Retinopathies Health Article

Definition

The retinopathies are a group of retinal diseases that cause vascular and neurological changes in the retina of the eye. They are reflective of such ongoing systemic diseases as diabetes, arteriosclerosis, hypertension, and sickle cell anemia.

Description

The retina is an outward extension of the central nervous system that lines the inside of the eye. It has 10 layers and is comprised of the photoreceptor rods and cones and such support cells as Mueller cells. The retinal pigment epithelium (RPE) is a single cell layer located behind the retina, which services the photoreceptors. Bruch's membrane is a basement membrane found between the RPE and the choriod, a highly vascular layer that includes the choriocapillaris, which supplies nutrients to the RPE and to the photoreceptors. The central retinal artery and its branches supply blood to the rest of the retina. The cilio-retinal artery that emerges from the optic nerve supplies the macula. The macula is located temporal to the optic nerve and is the part of the retina that contains the highest concentration of photoreceptors, especially cones. The part of the macula with the highest concentration of cones is the fovea. The vitreous humor is a gelatinous body that is located between the retina and the lens of the eye. The optic nerve is a large nerve in the posterior part of the eye through which the central artery and vein pass. It is actually formed from the axons of cells in the retina. It is through the optic nerve that visual stimuli leave the eye for the occipital lobe of the brain, where vision is processed. Hemoglobin is a molecule in red blood cells responsible for the transport of oxygen.

The presentation and pathogenesis of each of these retinal diseases are unique; and the signs can be seen by an ophthalmologist or an optometrist upon dilation of the eye. All of these retinopathies can lead to blindness.

Diabetic retinopathy

Diabetic retinopathy is the leading cause of blindness in the United States for people between 20 and 74 years of age. Risk factors for diabetic retinopathy include hypertension, elevated HgA1C (a hemoglobin test), a history of smoking, and number of years as a diabetic. Within 10 years of diagnosis, over 70% of type I diabetics will have some retinopathy, and within 16 years diagnosis, 60% of type II diabetics will have retinopathy. A diabetic may have normal vision, yet still have severe retinopathy.

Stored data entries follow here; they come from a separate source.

(* Let $(X,d_X,\mu_X)$ be a compact metric measure space whose measure $\mu_X$ is strictly positive. Then the distance kernel embedding $\Phi:X\to\mathbb{C}^\infty$ is injective.
   Context: A metric measure space carries a Radon Borel measure; it is strictly positive if every nonempty open set has positive measure. The distance kernel operator $(D^Xf)(x)=\int_X f(y)d_X(x,y)\,d\mu_X(y)$ on $L^2(X,\mu_X)$ is compact self-adjoint; let $\phi_i$ be an orthonormal basis of real eigenfunctions with eigenvalues $\lambda_i$ ordered by decreasing absolute value (non-zero eigenvalues of multiplicity one, signs fixed by a convention). Set $\alpha_i=\sqrt{\lambda_i}\phi_i$ (square root with positive imaginary part if $\lambda_i<0$; eigenfunctions in the zero eigenspace replaced by the zero function). $\Phi(x)=(\alpha_1(x),\alpha_2(x),\dots)\in\mathbb{C}^\infty$. *)

From HB Require Import structures.
From mathcomp Require Import all_boot all_order all_algebra.
From mathcomp Require Import all_classical all_reals all_analysis.
From mathcomp Require Import complex.
Set Implicit Arguments. Unset Strict Implicit. Unset Printing Implicit Defensive.
Import Order.TTheory GRing.Theory Num.Theory.
Import numFieldNormedType.Exports.
Local Open Scope classical_set_scope.
Local Open Scope ring_scope.

Section MetricDefs.
Context {R : realType} {X : Type}.
Variable dist : X -> X -> R.
(* Fix $\alpha>1$ and $K>1$. For $n\ge2$ let $\mathcal{M}=\mathcal{M}(\alpha,K)$ be the seeded intervals defined below, and let $N_n$ be the number of distinct integer triples $(s,v,e)$ with $(s,e]\in\mathcal{M}$ and $s<v<e$. Then $N_n=\mathcal{O}(n\log n)$, i.e. there is a constant $C$ depending only on $\alpha$ and $K$ such that $N_n\le Cn\log n$ for all $n\ge2$.
   Context: Seeded intervals $\mathcal{M}(\alpha,K)$ for sample size $n$: let $l_1=1$, $l_{j+1}=\max\{l_j+1,\lfloor\alpha l_j\rfloor\}$ for $j\ge1$, $H=\max\{j:l_j\le n/2\}$, $s_l=\max\{1,\lfloor l/K\rfloor\}$, $\mathcal{I}_l=\{(n-2l,n]\}\cup\{(is_l,\,is_l+2l]: i=0,1,\dots,\lfloor(n-2l)/s_l\rfloor\}$, and $\mathcal{M}(\alpha,K)=\bigcup_{j=1}^{H}\mathcal{I}_{l_j}$, where $(a,b]$ denotes the integer interval $\{a+1,\dots,b\}$. *)

From mathcomp Require Import all_boot all_order all_algebra.
From mathcomp Require Import all_classical all_reals all_analysis.
Set Implicit Arguments. Unset Strict Implicit. Unset Printing Implicit Defensive.
Import Order.TTheory GRing.Theory Num.Theory.
Local Open Scope ring_scope.

Section Seeded.
Variable R : realType.
Variables (alpha K : R).

(* ell_aux k = l_{k+1} (0-indexed auxiliary sequence). *)
Fixpoint ell_aux (k : nat) : nat :=
  match k with
  | 0 => 1%N
  | k'.+1 => maxn (ell_aux k').+1 (Num.truncn (alpha * (ell_aux k')%:R))
  end.

(* Paper's indexing: ell j = l_j for j >= 1 (ell 1 = 1). *)
Definition ell (j : nat) : nat := ell_aux j.-1.

(* H = max { j >= 1 : l_j <= n/2 }.  Since l_j >= j, any such j is <= n. *)
Definition seedH (n : nat) : nat :=
  \max_(1 <= j < n.+1 | (2 * ell j <= n)%N) j.

Definition seed_step (l : nat) : nat := maxn 1 (Num.truncn (l%:R / K)).

(* I_l, an interval (a,b] being encoded as the pair (a,b). *)
Definition seedI (n l : nat) : seq (nat * nat) :=
  (n - 2 * l, n)%N ::
  [seq ((i * seed_step l)%N, (i * seed_step l + 2 * l)%N)
     | i <- iota 0 ((n - 2 * l) %/ seed_step l).+1].

Definition seedM (n : nat) : seq (nat * nat) :=
  undup (flatten [seq seedI n (ell j) | j <- iota 1 (seedH n)]).

Definition seed_triples (n : nat) : seq (nat * nat * nat) :=
  flatten [seq [seq (p.1, v, p.2) | v <- iota p.1.+1 (p.2 - p.1.+1)]
          | p <- seedM n].

Definition seedN (n : nat) : nat := size (undup (seed_triples n)).

End Seeded.

From mathcomp Require Import all_boot all_order all_algebra.
From mathcomp Require Import all_classical all_reals all_analysis.
From mathcomp Require Import zify ring lra.
Import Order.TTheory GRing.Theory Num.Theory.
Local Open Scope ring_scope.

(* The number N_n of triples (s,v,e) with (s,e] in M and s < v < e is at most
   the total number of interior points of the intervals of M, counted with
   multiplicity over the levels I_{l_1}, ..., I_{l_H} (lemmas
   [seedN_le_interior] and [seedM_interior_le_levels]).
   - One level I_l consists of about (n - 2l)/s_l + 2 intervals of length 2l;
     since l <= 2 K s_l, its interior points number at most (4K + 2) n
     ([level_interior_le]).
   - The lengths l_j grow geometrically with ratio g = (alpha + 1)/2
     ([ell_aux_growth]); as 2 l_H <= n, the number of levels is
     H <= log_g n + 1 <= (1/ln g + 1/ln 2) ln n ([seedH_le_log]).
   Multiplying gives N_n <= (4K + 2)(1/ln g + 1/ln 2) n ln n. *)

Definition interior (p : nat * nat) : nat := (p.2 - p.1.+1)%N.

Lemma sum_undup_le (T : eqType) (F : T -> nat) (s : seq T) :
  (\sum_(x <- undup s) F x <= \sum_(x <- s) F x)%N.
Proof.
apply: (sub_le_big_seq leqnn (fun x y => leq_addr y x)) => x.
exact/leq_count_subseq/undup_subseq.
Qed.

Lemma sum_le_size_mul (T : eqType) (F : T -> nat) (b : nat) (s : seq T) :
  (forall x, x \in s -> F x <= b)%N -> (\sum_(x <- s) F x <= b * size s)%N.
Proof.
move=> Fb; rewrite -sum1_size big_distrr /= muln1.
rewrite big_seq_cond [X in (_ <= X)%N]big_seq_cond.
by apply: leq_sum => x /andP[xs _]; exact: Fb.
Qed.

Section Counting.
Variables (R : realType) (alpha K : R).

Lemma seedN_le_interior n :
  (seedN alpha K n <= \sum_(p <- seedM alpha K n) interior p)%N.
Proof.
rewrite /seedN; apply: leq_trans (size_undup _) _.
rewrite /seed_triples size_flatten /shape -map_comp sumnE big_map.
by apply: eq_leq; apply: eq_bigr => p _; rewrite /= size_map size_iota.
Qed.

Lemma seedM_interior_le_levels n :
  (\sum_(p <- seedM alpha K n) interior p <=
   \sum_(1 <= j < (seedH alpha n).+1) \sum_(p <- seedI K n (ell alpha j)) interior p)%N.
Proof.
rewrite /seedM; apply: leq_trans (sum_undup_le _ _ _) _.
by rewrite big_flatten big_map /index_iota subn1.
Qed.

End Counting.

Section Levels.
Variables (R : realType) (K : R).
Hypothesis K_gt0 : 0 < K.

Lemma seed_step_bound (l : nat) : (l%:R : R) <= 2 * K * (seed_step K l)%:R.
Proof.
rewrite /seed_step; set t := Num.truncn (l%:R / K).
have lt_t : (l%:R : R) < K * t.+1%:R.
  by rewrite -ltr_pdivrMl // mulrC truncnS_gt.
have le_t : (t.+1%:R : R) <= 2 * (maxn 1 t)%:R by rewrite -natrM ler_nat; lia.
apply: le_trans (ltW lt_t) _.
by rewrite [2 * K]mulrC -mulrA ler_pM2l.
Qed.

Lemma level_interior_count (n l : nat) :
  (\sum_(p <- seedI K n l) interior p <= 2 * l * ((n - 2 * l) %/ seed_step K l).+2)%N.
Proof.
have -> : ((n - 2 * l) %/ seed_step K l).+2 = size (seedI K n l).
  by rewrite /seedI /= size_map size_iota.
apply: sum_le_size_mul => p.
by rewrite /seedI in_cons => /orP[/eqP-> | /mapP[i _ ->]]; rewrite /interior /=; lia.
Qed.

Lemma level_interior_le (n l : nat) : (2 * l <= n)%N ->
  (\sum_(p <- seedI K n l) interior p)%:R <= (4 * K + 2) * (n%:R : R).
Proof.
move=> le_2l_n.
apply: le_trans (_ : (2 * l * ((n - 2 * l) %/ seed_step K l).+2)%:R <= _).
  by rewrite ler_nat level_interior_count.
set s := seed_step K l; set d := ((n - 2 * l) %/ s)%N.
have le_l : (l%:R : R) <= 2 * K * s%:R by exact: seed_step_bound.
have le_ds : (d%:R * s%:R + 2 * l%:R : R) <= n%:R.
  rewrite -!natrM -natrD ler_nat.
  by have := leq_divM (n - 2 * l) s; rewrite -/d; lia.
have ds_ge0 : (0 : R) <= d%:R * s%:R by [].
have le_ld : (l%:R * d%:R : R) <= 2 * K * s%:R * d%:R by rewrite ler_wpM2r.
have le_Kn : K * (d%:R * s%:R + 2 * l%:R) <= K * n%:R.
  by rewrite ler_wpM2l // ltW.
have le_Kl : 0 <= K * l%:R by rewrite mulr_ge0 // ltW.
have -> : ((2 * l * d.+2)%N%:R : R) = 2 * l%:R * (d%:R + 2).
  by rewrite -[d.+2]addn2 !(natrM, natrD).
lra.
Qed.

End Levels.

Section Growth.
Variables (R : realType) (alpha : R).

Lemma ell_aux_mono : {homo ell_aux alpha : i j / (i <= j)%N}.
Proof.
apply: homo_leq => [//|j i k|k]; first exact: leq_trans.
by rewrite /= (leq_trans (leqnSn _)) // leq_maxl.
Qed.

(* One step multiplies the length by at least g = (alpha + 1)/2: the next
   length is both > l and > alpha l - 1, and is therefore at least their mean. *)
Lemma ell_aux_ratio (k : nat) :
  (alpha + 1) / 2 * (ell_aux alpha k)%:R <= (ell_aux alpha k.+1)%:R.
Proof.
rewrite /=; set e := ell_aux alpha k; set m := maxn _ _.
have gt_e : (e%:R + 1 : R) <= m%:R by rewrite natr1 ler_nat leq_maxl.
have gt_ae : alpha * e%:R < m%:R + 1.
  by apply: lt_le_trans (truncnS_gt _) _; rewrite natr1 ler_nat ltnS leq_maxr.
have -> : (alpha + 1) / 2 * e%:R = (alpha * e%:R + e%:R) / 2 by ring.
lra.
Qed.

Lemma ell_aux_growth (k : nat) : 1 < alpha ->
  ((alpha + 1) / 2) ^+ k <= (ell_aux alpha k)%:R.
Proof.
move=> ha; elim: k => [|k IH]; first by rewrite expr0.
rewrite exprS; apply: le_trans (ell_aux_ratio k).
by rewrite ler_wpM2l // divr_ge0 //; lra.
Qed.

Lemma seedH_level (n j : nat) :
  (1 <= j <= seedH alpha n)%N -> (2 * ell alpha j <= n)%N.
Proof.
have H_valid : seedH alpha n = 0%N \/ (2 * ell alpha (seedH alpha n) <= n)%N.
  rewrite /seedH; apply: (big_ind (fun x => x = 0%N \/ (2 * ell alpha x <= n)%N)).
  - by left.
  - by move=> x y hx hy; rewrite /maxn; case: ifP.
  - by move=> i; right.
case: H_valid => [-> | le_H]; first lia.
move=> /andP[j1 jH]; apply: leq_trans le_H; rewrite leq_mul2l /ell.
by apply: ell_aux_mono; lia.
Qed.

Lemma seedH_le_log (n : nat) : 1 < alpha -> (2 <= n)%N ->
  (seedH alpha n)%:R <= (1 / ln ((alpha + 1) / 2) + 1 / ln 2) * ln (n%:R : R).
Proof.
move=> ha n2; set g := (alpha + 1) / 2; set H := seedH alpha n.
have lng_gt0 : 0 < ln g by apply: ln_gt0; rewrite /g; lra.
have ln2_gt0 : 0 < ln (2 : R) by apply: ln_gt0; lra.
have n2R : (2 : R) <= n%:R by rewrite (ler_nat R 2).
have ln2_le : ln 2 <= ln (n%:R : R) by rewrite ler_ln // posrE; lra.
have [-> | H_gt0] := posnP H.
  by rewrite mulr_ge0 // ?addr_ge0 ?divr_ge0 // ?ltW //; lra.
have gH_le : g ^+ H.-1 <= n%:R.
  apply: le_trans (ell_aux_growth H.-1 ha) _; rewrite ler_nat.
  have /seedH_level : (1 <= H <= H)%N by rewrite H_gt0 leqnn.
  by rewrite /ell -/H; lia.
have lnH_le : H.-1%:R * ln g <= ln (n%:R : R).
  rewrite mulr_natl -lnXn; last by rewrite /g; lra.
  by rewrite ler_ln // posrE ?exprn_gt0 //; rewrite /g; lra.
have -> : (H%:R : R) = H.-1%:R + 1 by rewrite natr1 prednK.
rewrite mulrDl !mul1r ![_^-1 * _]mulrC; apply: lerD.
  by rewrite ler_pdivlMr.
by rewrite ler_pdivlMr // mul1r.
Qed.

End Growth.

Theorem lemma9 (R : realType) (alpha K : R) (halpha : 1 < alpha) (hK : 1 < K) :
  exists C : R, forall n : nat, (2 <= n)%N ->
    (seedN alpha K n)%:R <= C * n%:R * ln (n%:R : R).
Proof.
set c := 1 / ln ((alpha + 1) / 2) + 1 / ln (2 : R).
exists ((4 * K + 2) * c) => n n2; set H := seedH alpha n.
have coef_ge0 : 0 <= 4 * K + 2 by lra.
have N_le : ((seedN alpha K n)%:R : R) <= H%:R * ((4 * K + 2) * n%:R).
  apply: le_trans (_ : (\sum_(1 <= j < H.+1)
      \sum_(p <- seedI K n (ell alpha j)) interior p)%:R <= _).
    rewrite ler_nat; apply: leq_trans (seedN_le_interior _ _ _ n) _.
    exact: seedM_interior_le_levels.
  rewrite natr_sum mulr_natl.
  rewrite (_ : _ *+ H = \sum_(1 <= j < H.+1) ((4 * K + 2) * n%:R)); last first.
    by rewrite sumr_const_nat subn1.
  apply: ler_sum_nat => j jH; apply: level_interior_le; first lra.
  by apply: seedH_level; lia.
apply: le_trans N_le _.
have -> : (4 * K + 2) * c * n%:R * ln (n%:R : R) = c * ln (n%:R) * ((4 * K + 2) * n%:R).
  by ring.
by rewrite ler_wpM2r ?mulr_ge0 ?seedH_le_log.
Qed.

The underlying pathogenesis of diabetic retinopathy is hypoxia, a decreased oxygen supply that is caused by elevated blood sugar or hyperglycemia. Glucose is needed in the cells of the body for energy, and oxygen and insulin are required for entry of the glucose molecules. The diabetic, because of insufficient insulin or because of cellular resistance to insulin, cannot absorb glucose into the cell effectively. The pathologic response of the retina to a decreased oxygen supply is first a thickening of, and then a breakdown of the retinal capillary basement membrane. Pericytes, cells that surround the capillaries and produce an inhibitor for angiogenesis, also degenerate. In the absence of this inhibitor, retinal neovascularization, or new vessel formation, is stimulated by vascular endothelial growth factor (VEGF). The new vessels that form are very fragile and can easily rupture, causing bleeding in the vitreous and subsequently leading to vitreous traction. Degeneration of retinal neural cells precedes the vascular changes of diabetic retinopathy.

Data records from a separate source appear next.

Lemma Re_radial_sqrt_le (G : C -> C) (zeta e : C) (E : R) :
  normc zeta = 1 -> normc e <= 1 ->
  (forall s, 0 <= s < 1 -> derivable G (s%:C * zeta) 1) ->
  (forall s, 0 <= s < 1 ->
     normc ('D_1 G (s%:C * zeta)) <= E / Num.sqrt (1 - s)) ->
  forall r, 0 <= r < 1 -> Re (e * (G (r%:C * zeta) - G 0)) <= 2 * E.
Proof.
move=> zeta1 e1 dG boundG r /andP[r0 r1].
have zeta0 : zeta != 0 by rewrite -normc_eq0 zeta1 oner_neq0.
have E0 : 0 <= E.
  have := boundG 0; rewrite lexx ltr01 subr0 sqrtr1 divr1 => /(_ isT).
  exact: le_trans (normc_ge0 _).
pose v s := Re (e * G (s%:C * zeta)) + 2 * E * Num.sqrt (1 - s).
pose dv s := Re (e * zeta * 'D_1 G (s%:C * zeta)) +
  2 * E * - (2 * Num.sqrt (1 - s))^-1.
have : v r <= v 0.
  apply: (@ler0_is_derive_nincr v dv) => // s /andP[s0 sr].
    have s01 : 0 <= s < 1 by rewrite s0 (le_lt_trans sr).
    apply: is_deriveD; first exact: is_derive_Re_radial zeta0 (dG s s01).
    by apply: is_deriveZ; apply: is_derive_sqrt1B; case/andP: s01.
  have s1 : 0 < 1 - s by rewrite subr_gt0 (lt_trans sr).
  have sqrt_gt0 : 0 < Num.sqrt (1 - s) by rewrite sqrtr_gt0.
  have -> : dv s = Re (e * zeta * 'D_1 G (s%:C * zeta)) - E / Num.sqrt (1 - s).
    by rewrite /dv; congr (_ + _); field; rewrite gt_eqF.
  rewrite subr_le0.
  apply: le_trans (boundG s _); last by rewrite ltW // (lt_trans sr).
  rewrite -mulrA (le_trans (Re_mul_le_normc _ _ e1)) //.
  by rewrite Normc.normcM zeta1 mul1r.
rewrite /v mul0r subr0 sqrtr1 mulr1 mulrBr raddfB /= lerBlDl.
apply: le_trans.
by rewrite lerDl mulr_ge0 ?sqrtr_ge0 ?mulr_ge0.
Qed.

Lemma bounded_image_disk_little_bloch (G Phi : C -> C) :
  holo_on G (@disk R) -> (forall z, disk z -> cexp (Phi z) = 'D_1 G z) ->
  little_bloch Phi -> bounded_set (G @` @disk R).
Proof.
move=> holoG expPhi /little_bloch_Re_radial_le[A RePhi_le].
have bound_G w : disk w -> normc (G w - G 0) <= 2 * expR A.
  move=> /disk_normc w1; have [zeta zeta1 ->] := polar_decomposition w.
  apply: normc_le_Re_mul => e e1.
  apply: (@Re_radial_sqrt_le G zeta e (expR A) zeta1 e1).
  - by move=> s s01; apply: holoG; exact: radial_disk.
  - move=> s s01; have /andP[_ s1] := s01.
    rewrite -expPhi; last exact: radial_disk.
    by rewrite normc_cexp -expR_sub_half_ln ?subr_gt0 // ler_expR RePhi_le.
  - by rewrite normc_ge0.
apply: (@normc_le_bounded_set _ (normc (G 0) + 2 * expR A)).
move=> _ [w /bound_G w_disk <-].
by rewrite -(subrK (G 0) (G w)) addrC (le_trans (le_normcD _ _)) // lerD2l.
Qed.

Lemma connected_image_disk (G : C -> C) :
  (forall z, disk z -> {for z, continuous G}) -> connected (G @` @disk R).
Proof.
move=> contG.
have -> : G @` @disk R =
    \bigcup_(w in @disk R) ((fun s : R => G (s%:C * w)) @` `[0, 1]).
  apply/seteqP; split=> [_ [w w_disk <-]|_ [w w_disk [s s01 <-]]].
    by exists w => //; exists 1; rewrite ?mul1r //= in_itv /= lexx ler01.
  by exists (s%:C * w) => //; exact: disk_scale.
apply: bigcup_connected.
  by exists (G 0) => w _; exists 0; rewrite ?mul0r //= in_itv /= lexx ler01.
move=> w w_disk; apply: connected_continuous_connected.
  exact: segment_connected.
apply: continuous_in_subspaceT => s; rewrite inE /= => s01.
have sw_disk : disk (s%:C * w) by exact: disk_scale.
exact: (continuous_comp (continuous_mul_real w s) (contG _ sw_disk)).
Qed.

Lemma mobiusK (a b c d u : C) : a * d - b * c != 0 -> c * u + d != 0 ->
  mobius d (- b) (- c) a (mobius a b c d u) = u.
Proof.
move=> det0 cud0; rewrite /mobius.
have -> : - c * ((a * u + b) / (c * u + d)) + a = (a * d - b * c) / (c * u + d).
  by field.
by field; rewrite cud0 det0.
Qed.

Lemma mobius_denom_neq0 (a b c d u : C) : a * d - b * c != 0 -> c * u + d != 0 ->
  - c * mobius a b c d u + a != 0.
Proof.
move=> det0 cud0.
have -> : - c * mobius a b c d u + a = (a * d - b * c) / (c * u + d).
  by rewrite /mobius; field.
by rewrite mulf_neq0 ?invr_eq0.
Qed.

Lemma cvg_affine (p q : C) {T : Type} {F : set_system T} {FF : Filter F}
    {f : T -> C} {l : C} :
  f @ F --> l -> p * f x + q @[x --> F] --> p * l + q.
Proof.
move=> fl; apply: (@cvgD _ C _ F); last exact: cvg_cst.
exact: cvgMl_tmp fl.
Qed.

Lemma continuous_mobius (a b c d z : C) : c * z + d != 0 ->
  {for z, continuous (mobius a b c d)}.
Proof.
move=> cz0.
have affine_cvg p q : p * x + q @[x --> z] --> p * z + q.
  exact: cvg_affine _ _ (@cvg_id _ (nbhs z)).
exact: (@cvgM _ _ (nbhs z) _ _ _ _ _ (affine_cvg a b)
  (cvgV cz0 (affine_cvg c d))).
Qed.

Diabetic retinopathy is a condition that initially affects only the posterior pole of the retina. The peripheral retina is affected only in the extreme cases. Diabetic retinopathy is divided into two phases: nonproliferative and proliferative. In the nonproliferative phase the retina has microaneurysms, dot and blot hemorrhages, hard lipid exudates, a beading pattern of some of the venules, areas of local ischemia where there is little or no oxygen perfusion (called cotton-wool spots), or macular edema. The macular edema is called clinically significant macula (CSME) when there are hard exudates and macular thickening or edema, close to the fovea. In the proliferative phase of diabetic retinopathy, neovascularization of the retina and of the optic nerve can be observed. A fibrous substance that materializes when the new retinal vessels form adheres to the vitreous, causing retinal traction and retinal detachments. The newly formed blood vessels can invade the anterior part of the eye, causing neovascular glaucoma. Vitreous hemorrhaging occurs when the blood vessels attach to the vitreous. Venous and arterial occlusions are also seen in diabetic retinopathy.